То было давно. Викентий еще ребенок. А вот как-то прошла мимо крыльца девочка с толстой косой. А то была Катерина, та, что теперь ходит за земляникой. Обмяк сразу тогда Викентий. Что-то случилось с ним, и высеклась в памяти эта девочка.
А теперь вот она со склянкой, а в склянке на донышке земляника. И губы у Катерины в землянике, и щеки.
— А где же твои ягоды, Катерина?
— Съела.
А у Викентия полная банка. Сели на траву и стали угощаться из Викентиевой склянки. Съели и рассмеялись.
— И у меня теперь нет ягод, — сказал он.
И разошлись снова, как будто и не было у них ничего. Целую неделю не встречал он больше Катерину. А потом вдруг просидели всю ночь на крыльце у нее. И она в его руках как спелый колос в росе. Разве так не бывает?
Однако ж на другой день подумал Викентий, и взяло его сомненье: «Откуда ж у Марии Кривошеей Катерина? Нет ведь никакой Катерины! Что же это я делаю?»
И правда, не было у Марии никакой Катерины. Жила Мария одна, и не было у нее никакой Катерины. Утонула Катерина давно, та самая девочка с толстой косой, что прошла однажды мимо крыльца Викентия.
«С кем же это я был? — думал он в растерянности. — С кем это я целовался? Кто ж эта девушка с земляничными губами, небесными глазами, и с такой прозрачной улыбкой, и с такими волосами, как рожь? Да ведь и Марии-то нет! — вдруг осенило его. — И дом ее заколочен, а сама она умерла еще в войну».

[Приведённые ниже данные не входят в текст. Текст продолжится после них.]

(* classical theta function with characteristic: limit of the (absolutely
   convergent) series, taken along square boxes *)
Definition theta (a b c : C) (c1 c2 : R * R) (v : C * C) : C :=
  (real (Lim_seq (fun N => Re (theta_partial a b c c1 c2 v N))),
   real (Lim_seq (fun N => Im (theta_partial a b c c1 c2 v N)))).

Definition omega : R * R := (0%R, (1/4)%R).

Definition theta_A (a b c : C) (v : C * C) : C :=
  theta a b c ((3 * fst omega)%R, (3 * snd omega)%R) (0%R, 0%R) v
  - theta a b c omega (0%R, 0%R) v.

(* C_A = { theta_A = 0 }, as a (Lambda-invariant) subset of C^2 *)
Definition C_A (a b c : C) (v : C * C) : Prop := theta_A a b c v = 0.

Definition in_lattice (a b c : C) (v : C * C) : Prop :=
  exists n1 n2 m1 m2 : Z,
    v = (a * IZR n1 + b * IZR n2 + IZR m1,
         b * IZR n1 + c * IZR n2 + 4 * IZR m2).

Definition vadd (v w : C * C) : C * C := (fst v + fst w, snd v + snd w).
Definition vsub (v w : C * C) : C * C := (fst v - fst w, snd v - snd w).
Definition vscal (k : C) (v : C * C) : C * C := (k * fst v, k * snd v).

(* First Chern class of L_0: E = Im H with H(v,w) = v^T (Im Z)^{-1} conj(w).
   In the coordinates C^2 = Z R^2 + R^2 this is
   E(Z x1 + y1, Z x2 + y2) = x1.y2 - y1.x2, of type diag(1,4) on Lambda. *)
Definition E_L0 (a b c : C) (v w : C * C) : R :=
  let p := Im a in let q := Im b in let r := Im c in
  let d := (p * r - q * q)%R in
  let w1 := Cconj (fst w) in let w2 := Cconj (snd w) in
  Im ((fst v * (RtoC (r / d) * w1 + RtoC (- q / d) * w2)
     + snd v * (RtoC (- q / d) * w1 + RtoC (p / d) * w2))).

(* K(L_0) = Lambda(L_0)/Lambda, Lambda(L_0) = { v | E(v, Lambda) in Z };
   represented by its (Lambda-saturated) preimage in C^2 *)
Definition in_K_L0 (a b c : C) (v : C * C) : Prop :=
  forall l, in_lattice a b c l -> exists k : Z, E_L0 a b c v l = IZR k.

Definition in_A2 (a b c : C) (v : C * C) : Prop :=
  in_lattice a b c (vscal 2 v).

Definition in_K_cap_A2 (a b c : C) (v : C * C) : Prop :=
  in_K_L0 a b c v /\ in_A2 a b c v.

(* The subgroup (K(L_0) cap A[2]) of A = C^2/Lambda is isomorphic to the
   Klein group Z_2 x Z_2 = (bool * bool, componentwise xor):
   f is a group isomorphism onto the subgroup, modulo Lambda. *)
Definition klein_iso (a b c : C) (f : bool * bool -> C * C) : Prop :=
  (forall x, in_K_cap_A2 a b c (f x)) /\
  (forall x y, in_lattice a b c
      (vsub (f (xorb (fst x) (fst y), xorb (snd x) (snd y))) (vadd (f x) (f y)))) /\
  (forall x y, in_lattice a b c (vsub (f x) (f y)) -> x = y) /\
  (forall v, in_K_cap_A2 a b c v -> exists x, in_lattice a b c (vsub v (f x))).

From Stdlib Require Import Reals ZArith Lra Lia.
From Coquelicot Require Import Coquelicot.

Local Open Scope R_scope.

(* The theta series converges absolutely (the terms decay like
   [2^-|l1| 2^-|l2|]), so its limit along square boxes is unchanged when the
   summation index is shifted.  This gives the classical transformation rules:
   integral shifts of the characteristic [c1] do nothing, translation by an
   integral vector [n] multiplies [theta[c1;c2]] by [e(c1 . n)], and translation
   by [Z x] multiplies it by a nowhere-vanishing exponential independent of [c1]
   while moving [c1] to [c1 + x].
   Modulo [Lambda], [K(L_0) ∩ A[2]] consists of the four classes of
   [Z (0, e1/2) + (0, 2 e2)], [e1, e2 ∈ {0, 1}], with addition given by xor.
   Translations by [Lambda] and by [(0, 2)] multiply both theta functions in
   [theta_A] by the same unit, and [Z (0, 1/2)] swaps the characteristics
   [(0, 1/4)] and [(0, 3/4)], so [theta_A] is multiplied by a unit and its zero
   set [C_A] is invariant. *)

(** * Symmetric sums over [Z] and [Z^2] *)

(* The sum over [[-N, N]], written with [sum_n] as in [theta_partial] so that
   [theta_box_lim] holds by conversion. *)
Definition zsum (h : Z -> C) (N : nat) : C :=
  sum_n (fun i => h (Z.of_nat i - Z.of_nat N)%Z) (2 * N).

Lemma zsum_O (h : Z -> C) : zsum h 0 = h 0%Z.
Proof. unfold zsum; simpl. now rewrite sum_O. Qed.

Lemma zsum_S (h : Z -> C) (N : nat) :
  zsum h (S N) = (zsum h N + h (Z.of_nat (S N)) + h (- Z.of_nat (S N))%Z)%C.
Proof.
  unfold zsum, sum_n.
  replace (2 * S N)%nat with (S (S (2 * N))) by lia.
  rewrite sum_Sn_m, sum_n_Sm, <- sum_n_m_S by lia.
  rewrite (sum_n_m_ext _ (fun i => h (Z.of_nat i - Z.of_nat N)%Z))
    by (intros i; f_equal; lia).
  replace (Z.of_nat (S (S (2 * N))) - Z.of_nat (S N))%Z with (Z.of_nat (S N)) by lia.
  replace (Z.of_nat 0 - Z.of_nat (S N))%Z with (- Z.of_nat (S N))%Z by lia.
  change plus with Cplus. ring.
Qed.

Lemma zsum_ext (h1 h2 : Z -> C) (N : nat) :
  (forall l, h1 l = h2 l) -> zsum h1 N = zsum h2 N.
Proof. intros H; unfold zsum; apply sum_n_ext; intros; apply H. Qed.

Lemma zsum_plus (h1 h2 : Z -> C) (N : nat) :
  zsum (fun l => h1 l + h2 l)%C N = (zsum h1 N + zsum h2 N)%C.
Proof. induction N; [rewrite !zsum_O | rewrite !zsum_S, IHN]; ring. Qed.

Lemma zsum_scal (k : C) (h : Z -> C) (N : nat) :
  zsum (fun l => k * h l)%C N = (k * zsum h N)%C.
Proof. induction N; [rewrite !zsum_O | rewrite !zsum_S, IHN]; ring. Qed.

Lemma zsum_shift (h : Z -> C) (N : nat) :
  zsum (fun l => h (l + 1)%Z) N
  = (zsum h N - h (- Z.of_nat N)%Z + h (Z.of_nat N + 1)%Z)%C.
Proof.
  induction N as [|N IHN].
  - rewrite !zsum_O; simpl; ring.
  - rewrite !zsum_S, IHN.
    replace (- Z.of_nat (S N) + 1)%Z with (- Z.of_nat N)%Z by lia.
    replace (Z.of_nat N + 1)%Z with (Z.of_nat (S N)) by lia.
    ring.
Qed.

Lemma zsum_exchange (f : Z -> Z -> C) (M N : nat) :
  zsum (fun i => zsum (f i) N) M = zsum (fun j => zsum (fun i => f i j) M) N.
Proof.
  induction M as [|M IHM].
  - rewrite zsum_O. apply zsum_ext; intros; now rewrite zsum_O.
  - rewrite zsum_S, IHM, (zsum_ext (fun j => zsum (fun i => f i j) (S M))
      (fun j => zsum (fun i => f i j) M + f (Z.of_nat (S M)) j + f (- Z.of_nat (S M))%Z j)%C)
      by (intros; apply zsum_S).
    now rewrite !zsum_plus.
Qed.

Definition decay (l : Z) : R := (/ 2) ^ Z.abs_nat l.

Lemma decay_of_nat (n : nat) : decay (Z.of_nat n) = (/ 2) ^ n.
Proof. unfold decay; now rewrite Zabs2Nat.id. Qed.

Lemma decay_opp_of_nat (n : nat) : decay (- Z.of_nat n)%Z = (/ 2) ^ n.
Proof. unfold decay; f_equal; lia. Qed.

Lemma Cmod_zsum_le (h : Z -> C) (c : R) (N : nat) :
  (forall l, Cmod (h l) <= c * decay l) -> Cmod (zsum h N) <= 3 * c.
Proof.
  intros Hh.
  assert (Hc : 0 <= c).
  { specialize (Hh 0%Z); unfold decay in Hh; simpl in Hh.
    pose proof (Cmod_ge_0 (h 0%Z)); lra. }
  enough (Cmod (zsum h N) <= c * (3 - 2 * (/ 2) ^ N))
    by (pose proof (pow_le (/ 2) N); nra).
  induction N as [|N IHN].
  - rewrite zsum_O. specialize (Hh 0%Z). unfold decay in Hh; simpl in *. lra.
  - rewrite zsum_S.
    pose proof (Hh (Z.of_nat (S N))) as H1; pose proof (Hh (- Z.of_nat (S N))%Z) as H2.
    rewrite decay_of_nat in H1; rewrite decay_opp_of_nat in H2.
    pose proof (Cmod_triangle (zsum h N + h (Z.of_nat (S N))) (h (- Z.of_nat (S N))%Z)).
    pose proof (Cmod_triangle (zsum h N) (h (Z.of_nat (S N)))).
    simpl pow in *. nra.
Qed.

Definition box (f : Z -> Z -> C) (N : nat) : C := zsum (fun l1 => zsum (f l1) N) N.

— Э-э-э! — грустно сказал Викентий. — Мани́т меня, манит. — И совсем заскучал. Все идут в клуб смотреть кино, а Викентий сидит на крыльце и глядит на дрожащий месяц, что встал над погребом. И даже к Ивану Данилычу не идет слушать его веселое вранье.
«Нету никакой Катерины, нету пестровского лешего, нету и домового, — думал Викентий. — А есть только председатель Круглов…»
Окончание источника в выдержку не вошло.